Requirement:
Copy all lines holding the word "vertices" from the entries.

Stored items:
Lemma shallow_model_of_embedding (U : finType) (V : pred U) (E : rel U)
    (n : nat) (eH : rel 'I_n) (k : 'I_n -> 'I_n -> 'I_3) :
  is_simple_graph eH -> iso_to_subgraph (sub_V eH k) (sub_E eH k) V E ->
  exists B T R, [/\ shallow_model E B T R, #|B| = n &
    2 * nedges eH <= \sum_(v in B) deg R v].
Proof.
move=> [eH_sym eH_irr] [f [f_inj _ f_edge]].
exists (img_branch f), (img_subdiv eH k f), (img_rel eH k f).
split; [exact: img_shallow_model f_inj f_edge | exact: card_img_branch f_inj
  | exact: sum_deg_img_branch f_inj eH_sym eH_irr].
Qed.

Lemma density_frac (n : nat) (eH : rel 'I_n) (a b : nat) : 0 < a -> 0 < b ->
  density eH = (a%:R / b%:R)%R -> nedges eH * b = a * n /\ 0 < n.
Proof.
move=> a_gt0 b_gt0; rewrite /density; case: (posnP n) => [n0|n_gt0].
  have -> : (n%:R : rat) = 0%R by rewrite n0.
  rewrite invr0 mulr0 => /esym/eqP; rewrite mulf_eq0 invr_eq0 !pnatr_eq0; lia.
move/eqP; rewrite eqr_div ?pnatr_eq0 -?lt0n // -!natrM eqr_nat => /eqP.
by split.
Qed.

Lemma fconnect_closed (T : finType) (f : T -> T) (P : pred T) x y :
  (forall z, P z -> P (f z)) -> fconnect f x y -> P x -> P y.
Proof.
by move=> Pf /iter_findex <-; elim: (findex f x y) => //= i IH Px; apply/Pf/IH.
Qed.

(* [e] = ||H||, [b.+1] = |H|, [x] counts the branch cycle vertices of degree 4
   and [y] the branch triangle vertices. *)
Lemma extremal_count m b x y e : 3 <= m ->
  2 * e + y <= 4 * b + x -> x <= b -> x <= 2 * m + y -> e * (2 * m + 1) = 5 * m * b.+1 ->
  [/\ b = 2 * m, x = 2 * m & y = 0].
Proof.
move=> m3 le_e le_xb le_xm e_eq.
have le_mul := leq_mul le_e (leqnn (2 * m + 1)).
have b_eq : b = 2 * m by case: (ltngtP b (2 * m)) => // b_m; exfalso; nia.
have e_eq' : e = 5 * m.
  by apply/eqP; rewrite -(@eqn_pmul2r (2 * m + 1)) ?addn1 // -addn1 e_eq b_eq; apply/eqP; lia.
by split; lia.
Qed.

Lemma no_perfect_matching_ord3 (R : rel 'I_3) : symmetric R ->
  (forall t, exists2 t', t' != t & R t t') ->
  ~ (forall t t1 t2, t1 != t -> t2 != t -> R t t1 -> R t t2 -> t1 = t2).
Proof.
move=> Rsym Rex Runiq.
pose o0 : 'I_3 := @Ordinal 3 0 isT; pose o1 : 'I_3 := @Ordinal 3 1 isT.
pose o2 : 'I_3 := @Ordinal 3 2 isT.
have ord3P (t : 'I_3) : [\/ t = o0, t = o1 | t = o2].
  by case: t => -[|[|[|]]] // lt; [apply: Or31 | apply: Or32 | apply: Or33]; apply/val_inj.
have two_nbrs t t1 t2 : R t t1 -> R t t2 -> t1 != t -> t2 != t -> t1 != t2 -> False.
  by move=> r1 r2 n1 n2; rewrite (Runiq t t1 t2) ?eqxx.
have [t1 n1 r1] := Rex o0; have [t2 n2 r2] := Rex o2.
case: (ord3P t1) n1 r1 => -> // _ r1; case: (ord3P t2) n2 r2 => -> // _ r2.
- by apply: (two_nbrs o0 o1 o2) => //; rewrite Rsym.
- by apply: (two_nbrs o1 o0 o2) => //; rewrite Rsym.
- have [t3 n3 r3] := Rex o1.
  case: (ord3P t3) n3 r3 => -> // _ r3.
  + by apply: (two_nbrs o0 o2 o1) => //; rewrite Rsym.
  + by apply: (two_nbrs o2 o0 o1) => //; rewrite Rsym.
- by apply: (two_nbrs o2 o0 o1) => //; rewrite Rsym.
Qed.

(** * The graph G *)

Section GraphG.
Variables (p m : nat) (cl : 'I_m -> 'I_3 -> 'I_p) (cyc : 'I_p -> seq 'I_m).
Local Notation G := (G_carrier p m).
Local Notation GE := (G_E cl cyc).
Local Notation apex := (vA p m).

Inductive G_step : G -> G -> Prop :=
| StepDS j c : G_step (vD j c) (vS j c ord0)
| StepSS j c : G_step (vS j c ord0) (vS j c ord_max)
| StepSD j c : G_step (vS j c ord_max) (vD j (next (cyc j) c))
| StepAR j c : G_step apex (vR j c ord0)
| StepRR j c : G_step (vR j c ord0) (vR j c ord_max)
| StepRD j c : G_step (vR j c ord_max) (vD j c)
| StepUU c t t' : t != t' -> G_step (vU p c t) (vU p c t')
| StepUD c t : G_step (vU p c t) (vD (cl c t) c).

Lemma G_E_step x y : GE x y -> G_step x y \/ G_step y x.
Proof.
have arc_step u v : G_arc cl cyc u v -> G_step u v.
  case/or3P.
  - case/existsP=> j /existsP[c /andP[_]].
    by do ![case/orP=> [/andP[/eqP-> /eqP->]|]; first by constructor];
      case/andP=> /eqP-> /eqP->; constructor.
  - by case/existsP=> c /existsP[t /existsP[t' /and3P[tt' /eqP-> /eqP->]]]; constructor.
  - by case/existsP=> c /existsP[t /andP[/eqP-> /eqP->]]; constructor.
by case/orP=> /arc_step; [left | right].
Qed.

Lemma G_nbr_apex w : GE apex w -> exists j c, w = vR j c ord0.
Proof. by case/G_E_step=> h; inversion h; eauto. Qed.

Lemma G_nbr_R0 j c w : GE (vR j c ord0) w -> w = apex \/ w = vR j c ord_max.
Proof. by case/G_E_step=> h; inversion h; subst; auto. Qed.

Lemma G_nbr_R1 j c w : GE (vR j c ord_max) w -> w = vR j c ord0 \/ w = vD j c.
Proof. by case/G_E_step=> h; inversion h; subst; auto. Qed.

Lemma G_nbr_S0 j c w : GE (vS j c ord0) w -> w = vD j c \/ w = vS j c ord_max.
Proof. by case/G_E_step=> h; inversion h; subst; auto. Qed.

Lemma G_nbr_S1 j c w :
  GE (vS j c ord_max) w -> w = vS j c ord0 \/ w = vD j (next (cyc j) c).
Proof. by case/G_E_step=> h; inversion h; subst; auto. Qed.

Lemma G_nbr_U c t w : GE (vU p c t) w ->
  w = vD (cl c t) c \/ exists2 t', t' != t & w = vU p c t'.
Proof.
case/G_E_step=> h; inversion h; subst; auto; right.
- by exists t'; rewrite // eq_sym.
- by exists t0.
Qed.

Hypothesis cl_inj : forall c, injective (cl c).
Hypothesis cyc_uniq : forall j, uniq (cyc j).

Definition clause_pos (j : 'I_p) (c : 'I_m) : 'I_3 := odflt ord0 [pick t | cl c t == j].

Lemma clause_posE c t : clause_pos (cl c t) c = t.
Proof. by rewrite /clause_pos; case: pickP => [t' /eqP/cl_inj -> //|/(_ t)]; rewrite eqxx. Qed.

Definition vD_nbrs j c : seq G :=
  [:: vS j c ord0; vS j (prev (cyc j) c) ord_max; vR j c ord_max; vU p c (clause_pos j c)].

Lemma G_nbr_D j c w : GE (vD j c) w -> w \in vD_nbrs j c.
Proof.
rewrite !inE; case/G_E_step=> h; inversion h; subst;
  by rewrite ?clause_posE ?prev_next ?cyc_uniq ?eqxx ?orbT.
Qed.

Section Model.
Variables (B T : {set G}) (ES : rel G).
Hypothesis model : shallow_model GE B T ES.
Local Notation deg := (deg ES).

Lemma model_G_E v w : ES v w -> GE v w.
Proof. exact: (model_sub model). Qed.

Lemma deg_vR j c t : deg (vR j c t) <= 2.
Proof.
case: (ord2P t) => ->; [apply: (deg_le2 (x := apex) (y := vR j c ord_max))
  | apply: (deg_le2 (x := vR j c ord0) (y := vD j c))];
  move=> w /model_G_E; [exact: G_nbr_R0 | exact: G_nbr_R1].
Qed.

Lemma deg_vS j c t : deg (vS j c t) <= 2.
Proof.
case: (ord2P t) => ->; [apply: (deg_le2 (x := vD j c) (y := vS j c ord_max))
  | apply: (deg_le2 (x := vS j c ord0) (y := vD j (next (cyc j) c)))];
  move=> w /model_G_E; [exact: G_nbr_S0 | exact: G_nbr_S1].
Qed.

Lemma deg_vU c t : deg (vU p c t) <= 3.
Proof.
apply: leq_trans (deg_le_card (N := vD (cl c t) c |: [set vU p c t' | t' in [set~ t]]) _) _.
  move=> w /model_G_E /G_nbr_U [->|[t' t't ->]]; rewrite !inE ?eqxx //.
  by rewrite imset_f ?orbT // !inE.
rewrite cardsU1 -[3]/(1 + 2) leq_add ?leq_b1 //.
by apply: leq_trans (leq_imset_card _ _) _; rewrite cardsC1 card_ord.
Qed.

Lemma deg_vD j c : deg (vD j c) <= 4.
Proof.
apply: leq_trans (deg_le_card (N := [set w in vD_nbrs j c]) _) _.
  by move=> w /model_G_E /G_nbr_D; rewrite inE.
by rewrite cardsE card_size.
Qed.

Lemma deg4_vD_nbrs j c : 4 <= deg (vD j c) -> forall w, w \in vD_nbrs j c -> ES (vD j c) w.
Proof.
move=> deg4 w wD.
have sub : [set w | ES (vD j c) w] \subset vD_nbrs j c.
  by apply/subsetP=> x; rewrite inE => /model_G_E /G_nbr_D.
have /subset_cardP/(_ sub) eq_nbrs : #|[set w | ES (vD j c) w]| = #|vD_nbrs j c|.
  by apply/eqP; rewrite eqn_leq subset_leq_card //= (leq_trans (card_size (vD_nbrs j c)) deg4).
by move: (eq_nbrs w); rewrite wD inE.
Qed.

Definition is_vR (v : G) := if v is inl (inr _) then true else false.
Definition is_vU (v : G) := if v is inr _ then true else false.
Definition full_vD (v : G) := if v is inl (inl (inl (inr _))) then 4 <= deg v else false.
(* On the path apex - vR j c 0 - vR j c 1 - vD j c, the first branch vertex is
   an R-vertex or a cycle vertex entered from vR j c 1: these pay for the edges
   at the apex. *)
Definition spoke (v : G) := is_vR v ||
  (if v is inl (inl (inl (inr (j, c)))) then ES (vR j c ord_max) v else false).

Lemma deg_spoke_is_vU_le v : v != apex -> deg v + spoke v + is_vU v <= 4 + full_vD v.
Proof.
case: v => [[[[[]|[j c]]|[[j c] t]]|[[j c] t]]|[c t]] //= _.
- have := deg_vD j c; rewrite /vD /spoke /full_vD /=.
  by case: (leqP 4 (deg _)) => deg4; case: (ES _ _) => /=; lia.
- by have := deg_vS j c t; rewrite /vS /spoke /full_vD /=; lia.
- by have := deg_vR j c t; rewrite /vR /spoke /full_vD /=; lia.
- by have := deg_vU c t; rewrite /vU /spoke /full_vD /=; lia.
Qed.

Lemma deg_is_vR_le v : v != apex -> deg v + is_vR v <= 3 + full_vD v.
Proof.
case: v => [[[[[]|[j c]]|[[j c] t]]|[[j c] t]]|[c t]] //= _.
- by have := deg_vD j c; rewrite /vD /full_vD /=; case: (leqP 4 (deg _)) => deg4; lia.
- by have := deg_vS j c t; rewrite /vS /full_vD /=; lia.
- by have := deg_vR j c t; rewrite /vR /full_vD /=; lia.
- by have := deg_vU c t; rewrite /vU /full_vD /=; lia.
Qed.

Definition spoke_branch (x : 'I_p * 'I_m) : G :=
  if vR x.1 x.2 ord0 \in B then vR x.1 x.2 ord0
  else if vR x.1 x.2 ord_max \in B then vR x.1 x.2 ord_max else vD x.1 x.2.

Definition spoke_index (v : G) : option ('I_p * 'I_m) :=
  match v with
  | inl (inl (inl (inr jc))) => Some jc
  | inl (inr (j, c, _)) => Some (j, c)
  | _ => None
  end.

Lemma spoke_branch_inj : injective spoke_branch.
Proof.
apply: (pcan_inj (g := spoke_index)) => -[j c]; rewrite /spoke_branch /=.
by case: ifP => _ //; case: ifP.
Qed.

Lemma spoke_branchP j c : ES apex (vR j c ord0) ->
  (spoke_branch (j, c) \in B) && spoke (spoke_branch (j, c)).
Proof.
move=> e0; rewrite /spoke_branch /=.
have [R0B|R1B|/andP[DB e2]] := model_path3_branch model e0
  (fun z e => G_nbr_R0 (model_G_E e)) (fun z e => G_nbr_R1 (model_G_E e)) isT.
- by rewrite !R0B.
- by case: ifP => [-> | _]; rewrite ?R1B.
- by do 2 case: ifP => [-> //|_]; rewrite DB /spoke /= e2.
Qed.

Lemma deg_apex_le : deg apex <= \sum_(v in B :\ apex) spoke v.
Proof.
pose X := [set x : 'I_p * 'I_m | ES apex (vR x.1 x.2 ord0)].
apply: leq_trans (deg_le_card (N := [set vR x.1 x.2 ord0 | x in X]) _) _.
  move=> w e; have [j [c ew]] := G_nbr_apex (model_G_E e); subst w.
  by apply/imsetP; exists (j, c); rewrite // inE.
apply: leq_trans (leq_imset_card _ _) _.
rewrite -(card_imset _ spoke_branch_inj) -card_set_sum.
apply/subset_leq_card/subsetP=> v /imsetP[x]; rewrite inE => /spoke_branchP.
rewrite -surjective_pairing => /andP[xB xspoke] ->; rewrite !inE xB xspoke !andbT.
by apply: contraTneq xspoke => ->.
Qed.

Lemma sum_deg_apex : apex \in B ->
  \sum_(v in B) deg v + \sum_(v in B :\ apex) is_vU v <=
  4 * #|B :\ apex| + \sum_(v in B :\ apex) full_vD v.
Proof.
move=> aB; rewrite (big_setD1 apex aB) /=.
have : \sum_(v in B :\ apex) (deg v + spoke v + is_vU v) <= \sum_(v in B :\ apex) (4 + full_vD v).
  by apply: leq_sum => v; rewrite !inE => /andP[va _]; apply: deg_spoke_is_vU_le.
rewrite !big_split /= sum_nat_const mulnC => /(leq_trans _); apply.
by rewrite leq_add2r addnC leq_add2l deg_apex_le.
Qed.

Definition clause_full c t := (vD (cl c t) c \in B) && (4 <= deg (vD (cl c t) c)).

Lemma deg4_vD_clause j c : 4 <= deg (vD j c) -> exists t, j = cl c t.
Proof.
move=> deg4; have : ES (vD j c) (vU p c (clause_pos j c)).
  by apply: (deg4_vD_nbrs deg4); rewrite !inE eqxx !orbT.
rewrite (model_sym model) => /model_G_E /G_nbr_U [[->]|[t' _ /eqP]] //=.
by exists (clause_pos j c).
Qed.

Lemma sum_full_vD : \sum_(v in B :\ apex) full_vD v = \sum_c #|[set t | clause_full c t]|.
Proof.
rewrite -card_set_sum -(card_set_pair (fun x => clause_full x.1 x.2)).
have inj : injective (fun x : 'I_m * 'I_3 => vD (cl x.1 x.2) x.1).
  by move=> [c t] [c' t'] /= [/[swap] <- /cl_inj ->].
rewrite -(card_imset _ inj); apply: eq_card => v; rewrite !inE.
apply/idP/imsetP => [/andP[/andP[_ vB]]|[[c t]]]; last first.
  by rewrite inE /clause_full /= => /andP[vB deg4] ->; rewrite vB.
case: v vB => [[[[[]|[j c]]|x]|x]|x] //= vB deg4.
have [t jE] := deg4_vD_clause deg4; subst j.
by exists (c, t); rewrite // inE /clause_full /vD vB.
Qed.

Lemma sum_is_vU : \sum_(v in B :\ apex) is_vU v = \sum_c #|[set t | vU p c t \in B]|.
Proof.
rewrite -card_set_sum -(card_set_pair (fun x => vU p x.1 x.2 \in B)).
have inj : injective (fun x : 'I_m * 'I_3 => vU p x.1 x.2) by move=> [c t] [c' t'] [-> ->].
rewrite -(card_imset _ inj); apply: eq_card => v; rewrite !inE.
apply/idP/imsetP => [|[[c t]]]; last by rewrite inE /= => vB ->; rewrite vB.
by case: v => [x|[c t]] /andP[/andP[_ vB]] //= _; exists (c, t); rewrite // inE.
Qed.

(* If all three cycle vertices of a clause had degree 4 and no triangle vertex
   were a branch vertex, the ES-edges inside the triangle would match its
   three vertices in pairs. *)
Lemma card_clause_full_le c : #|[set t | clause_full c t]| <= 2 + #|[set t | vU p c t \in B]|.
Proof.
case: (posnP #|[set t | vU p c t \in B]|) => [U0|U_gt0]; last first.
  by apply: leq_trans (max_card _) _; rewrite card_ord; lia.
rewrite U0 addn0 leqNgt; apply/negP => full3.
have allF t : clause_full c t.
  have /eqP/setP/(_ t) : [set t | clause_full c t] == setT.
    by rewrite eqEcard subsetT cardsT card_ord.
  by rewrite !inE.
have UB t : vU p c t \notin B.
  by apply: contra_eqN U0 => UB; rewrite -lt0n (cardD1 t) inE UB.
have eDU t : ES (vD (cl c t) c) (vU p c t).
  have /andP[_ deg4] := allF t.
  by apply: (deg4_vD_nbrs deg4); rewrite /vD_nbrs clause_posE !inE eqxx !orbT.
have UT t : vU p c t \in T := model_nbr_subdiv model (eDU t) (UB t).
apply: (no_perfect_matching_ord3 (R := fun t t' => ES (vU p c t) (vU p c t'))).
- by move=> t t'; rewrite (model_sym model).
- move=> t; case: (boolP [exists t', (t' != t) && ES (vU p c t) (vU p c t')]).
    by case/existsP=> t' /andP[]; exists t'.
  rewrite negb_exists => /forallP no_nbr; exfalso.
  have : deg (vU p c t) <= #|[set vD (cl c t) c]|.
    apply: deg_le_card => w e; case: (G_nbr_U (model_G_E e)) => [->|[t' t't ew]].
      by rewrite inE.
    by move: (no_nbr t'); rewrite t't -ew e.
  by rewrite (model_deg_subdiv model (UT t)) cards1.
- move=> t t1 t2 t1t t2t e1 e2; apply/eqP.
  have eUD : ES (vU p c t) (vD (cl c t) c) by rewrite (model_sym model).
  have := model_subdiv_nbrs3 model (UT t) eUD e1 e2.
  by rewrite /vU /vD /= => /eqP[->].
Qed.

Result for this exercise:
(* [e] = ||H||, [b.+1] = |H|, [x] counts the branch cycle vertices of degree 4
   and [y] the branch triangle vertices. *)
(* If all three cycle vertices of a clause had degree 4 and no triangle vertex
   three vertices in pairs. *)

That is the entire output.